Drawing on her deep expertise in retail innovation, Debra shared strategies to harness these tools to drive efficiency, agility and long-term growth. We will release the presentation deck online for our premium subscribers. Aligning with NACDS, Debra was also published in Chain Drug Review this week with an article on three technologies that are transforming the drugstore and pharmacy landscape as consumer expectations rise and healthcare becomes increasingly digital. Advanced technologies are not only streamlining operations but also enhancing the customer and patient experience.
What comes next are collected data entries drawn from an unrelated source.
Lemma dotcD c v w : dotc c (v + w) = dotc c v + dotc c w.
Proof. by rewrite /dotc -big_split /=; apply: eq_bigr => i _; rewrite mxE mulrDr. Qed.

Lemma dotcZ c (a : R) v : dotc c (a *: v) = a * dotc c v.
Proof. by rewrite /dotc mulr_sumr; apply: eq_bigr => i _; rewrite mxE mulrCA. Qed.

Lemma dotc0 c : dotc c (0 : 'cV[R]_n) = 0.
Proof. by rewrite -(scale0r (0 : 'cV[R]_n)) dotcZ mul0r. Qed.

Lemma dotcB c v w : dotc c (v - w) = dotc c v - dotc c w.
Proof. by rewrite dotcD -scaleN1r dotcZ mulN1r. Qed.

Lemma dotc_sum c (s : seq 'cV[R]_n) :
  dotc c (\sum_(v <- s) v) = \sum_(v <- s) dotc c v.
Proof. by apply: big_morph; [apply: dotcD | apply: dotc0]. Qed.

Lemma norm1_ge0 v : 0 <= norm1 v.
Proof. exact: sumr_ge0. Qed.

Lemma norm1_0 : norm1 (0 : 'cV[R]_n) = 0.
Proof. by rewrite /norm1 big1 // => i _; rewrite mxE normr0. Qed.

Lemma norm1Z (a : R) v : norm1 (a *: v) = `|a| * norm1 v.
Proof. by rewrite /norm1 mulr_sumr; apply: eq_bigr => i _; rewrite mxE normrM. Qed.

Lemma norm1_gt0 v : v != 0 -> 0 < norm1 v.
Proof.
move=> /cV0Pn [i vi]; rewrite lt_def norm1_ge0 andbT; apply: contra vi.
move=> /eqP/psumr_eq0P/(_ i isT) => vi0.
by rewrite -normr_eq0 vi0 // => j _; apply: normr_ge0.
Qed.

Lemma norm1D v w : norm1 (v + w) <= norm1 v + norm1 w.
Proof. by rewrite /norm1 -big_split /=; apply: ler_sum => i _; rewrite mxE ler_normD. Qed.

Definition conf_le g h := forall i : 'I_n,
  (0 <= g i 0 <= h i 0) \/ (h i 0 <= g i 0 <= 0).

Lemma conf_le_trans g g' h : conf_le g g' -> conf_le g' h -> conf_le g h.
Proof.
move=> gg' g'h i; case: (gg' i) => /andP [? ?]; case: (g'h i) => /andP [? ?];
  by first [left; apply/andP; split; lra | right; apply/andP; split; lra].
Qed.

Lemma conf_le_subr g h : conf_le g h -> conf_le (h - g) h.
Proof.
by move=> gh i; rewrite !mxE; case: (gh i) => /andP [? ?]; [left | right];
  apply/andP; split; lra.
Qed.

Lemma conf_le_norm1 g h : conf_le g h -> norm1 h = norm1 g + norm1 (h - g).
Proof.
move=> gh; rewrite /norm1 -big_split /=; apply: eq_bigr => i _; rewrite !mxE.
case: (gh i) => /andP [g1 g2].
  by rewrite !ger0_norm ?subr_ge0 ?(le_trans g1 g2) //; lra.
by rewrite !ler0_norm ?subr_le0 ?(le_trans g1 g2) //; lra.
Qed.

Definition descent_ratio c v := - dotc c v / norm1 v.

Lemma descent_ratioZ c (a : R) v : 0 < a -> descent_ratio c (a *: v) = descent_ratio c v.
Proof.
move=> a_gt0; rewrite /descent_ratio dotcZ norm1Z gtr0_norm //.
have [->|v0] := eqVneq (norm1 v) 0; first by rewrite mulr0 !invr0 !mulr0.
by field; rewrite v0 gt_eqF.
Qed.

Lemma descent_ratioP c v : v != 0 -> - dotc c v = descent_ratio c v * norm1 v.
Proof. by move=> /norm1_gt0 v_gt0; rewrite /descent_ratio divfK ?gt_eqF. Qed.

Lemma descent_ratio_split c g h : conf_le g h -> g != 0 -> h - g != 0 ->
  descent_ratio c h <= descent_ratio c g \/ descent_ratio c h <= descent_ratio c (h - g).
Proof.
move=> gh g0 hg0; have -> : descent_ratio c h =
    (- dotc c g + - dotc c (h - g)) / (norm1 g + norm1 (h - g)).
  by rewrite -conf_le_norm1 // -opprD -dotcD addrC subrK.
by apply: mediant_le; apply: norm1_gt0.
Qed.

End Norm1.

Section TightSums.
Variables (R : realFieldType) (n : nat).

Lemma psumr_le0_eq0 (I : eqType) (s : seq I) (F : I -> R) :
  (forall j, j \in s -> 0 <= F j) -> \sum_(j <- s) F j <= 0 ->
  forall j, j \in s -> F j = 0.
Proof.
move=> F_ge0 S_le0 j js.
have : \sum_(j <- s | j \in s) F j == 0.
  by rewrite -big_seq eq_le S_le0 big_seq sumr_ge0.
by rewrite psumr_eq0 // => /allP/(_ j js)/implyP/(_ js)/eqP.
Qed.

Lemma sum_norm_tight_sign (I : eqType) (s : seq I) (F : I -> R) :
  \sum_(j <- s) `|F j| <= `|\sum_(j <- s) F j| ->
  forall a b, a \in s -> b \in s -> 0 <= F a * F b.
Proof.
wlog S_ge0 : F / 0 <= \sum_(j <- s) F j => [wlogF|tight].
  have [|S_lt0] := lerP 0 (\sum_(j <- s) F j); first exact: wlogF.
  move=> tight a b; rewrite -mulrNN; apply: (wlogF (fun j => - F j)).
    by rewrite sumrN oppr_ge0 ltW.
  by rewrite sumrN normrN; under eq_bigr do rewrite normrN.
have normF : forall j, j \in s -> `|F j| - F j = 0.
  apply: psumr_le0_eq0 => [j _|]; first by rewrite subr_ge0 ler_norm.
  by rewrite sumrB subr_le0 (le_trans tight) // ger0_norm.
have F_ge0 j : j \in s -> 0 <= F j by move=> /normF /eqP; rewrite subr_eq0 => /eqP <-.
by move=> a b /F_ge0 ? /F_ge0 ?; apply: mulr_ge0.
Qed.

Lemma norm1_sum_tight (s : seq 'cV[R]_n) :
  \sum_(v <- s) norm1 v <= norm1 (\sum_(v <- s) v) ->
  forall i v w, v \in s -> w \in s -> 0 <= v i 0 * w i 0.
Proof.
move=> tight i; suff tight_i : \sum_(v <- s) `|v i 0| <= `|\sum_(v <- s) v i 0|.
  by move=> v w; apply: (sum_norm_tight_sign tight_i).
pose gap l := \sum_(v <- s) `|v l 0| - `|\sum_(v <- s) v l 0|.
have gap_ge0 l : 0 <= gap l by rewrite subr_ge0 ler_norm_sum.
have : \sum_(l < n) gap l = 0.
  apply/eqP; rewrite eq_le sumr_ge0 ?andbT // sumrB subr_le0 exchange_big /=.
  apply: (le_trans tight); rewrite le_eqVlt; apply/orP; left; apply/eqP.
  by apply: eq_bigr => l _; rewrite summxE.
move/psumr_eq0P => /(_ (fun l _ => gap_ge0 l) i isT) /eqP.
by rewrite subr_eq0 => /eqP ->.
Qed.

End TightSums.

Lemma intcv_eq0 (R : realFieldType) (k : nat) (z : 'cV[int]_k) :
  (intcv R z == 0) = (z == 0).
Proof.
apply/eqP/eqP => [z0|->]; last by apply/matrixP => i j; rewrite !mxE.
apply/matrixP => i j; move/matrixP: z0 => /(_ i j).
by rewrite !mxE => /eqP; rewrite intr_eq0 => /eqP.
Qed.

Lemma intcvN (R : realFieldType) (k : nat) (z : 'cV[int]_k) : intcv R (- z) = - intcv R z.
Proof. by apply/matrixP => i j; rewrite !mxE intrN. Qed.

Lemma rat_kernel_vector (R : realFieldType) (p q : nat) (M : 'M[rat]_(p, q)) (g : 'cV[R]_q) :
  map_mx ratr M *m g = 0 -> g != 0 -> exists2 r : 'cV[rat]_q, r != 0 & M *m r = 0.
Proof.
move=> Mg g0; have : ~~ row_free (map_mx (@ratr R) M)^T.
  rewrite -kermx_eq0; apply: contraNneq g0 => K0; rewrite -trmx_eq0 -submx0 -K0.
  by apply/sub_kermxP; rewrite -trmx_mul Mg trmx0.
have -> : row_free (map_mx (@ratr R) M)^T = row_free M^T.
  by rewrite map_trmx /row_free mxrank_map.
rewrite -kermx_eq0.
case/matrix0Pn => i [j Kij]; exists (row i (kermx M^T))^T.
  by apply/cV0Pn; exists j; rewrite mxE mxE.
have : row i (kermx M^T) *m M^T = 0 by apply/sub_kermxP; apply: row_sub.
by move/(congr1 trmx); rewrite trmx_mul trmxK trmx0.
Qed.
In the article, which is also available on Coresight.com, you can discover how prescription fulfillment technologies, AI care analytics, and digital customer engagement tools enable drugstores and pharmacies to gain a competitive edge by cutting costs, boosting efficiency, and delivering personalized experiences. I also just wanted to highlight that Coresight Research hosted an exclusive executive dinner at NACDS, sponsored by unified planning solutions provider, RELEX. Thank you to all those who joined us for a truly enjoyable and thought-leading event. Please check out our future events and contact us to make sure you don't miss out.
Among our new research this week, we will spotlight US Warehouse Club Retailing, examining the performance and strategies of Costco and Sam's Club. Our analysis pits the two market leaders head to head and offers insights on shopper demographics, store expansion plans, technology innovation and more.
Also, our coverage of first quarter 2025 earnings will begin this week. Our earnings insights reports feature management commentary from Coresight 100 retailers on their recent performance and future outlooks, with highlights on the impacts of inflation, tariffs and interest rates. I encourage you to download our earnings calendar to keep on top of retailers releases and look out for our comprehensive coverage, which will span 15 retail sectors over the next six weeks.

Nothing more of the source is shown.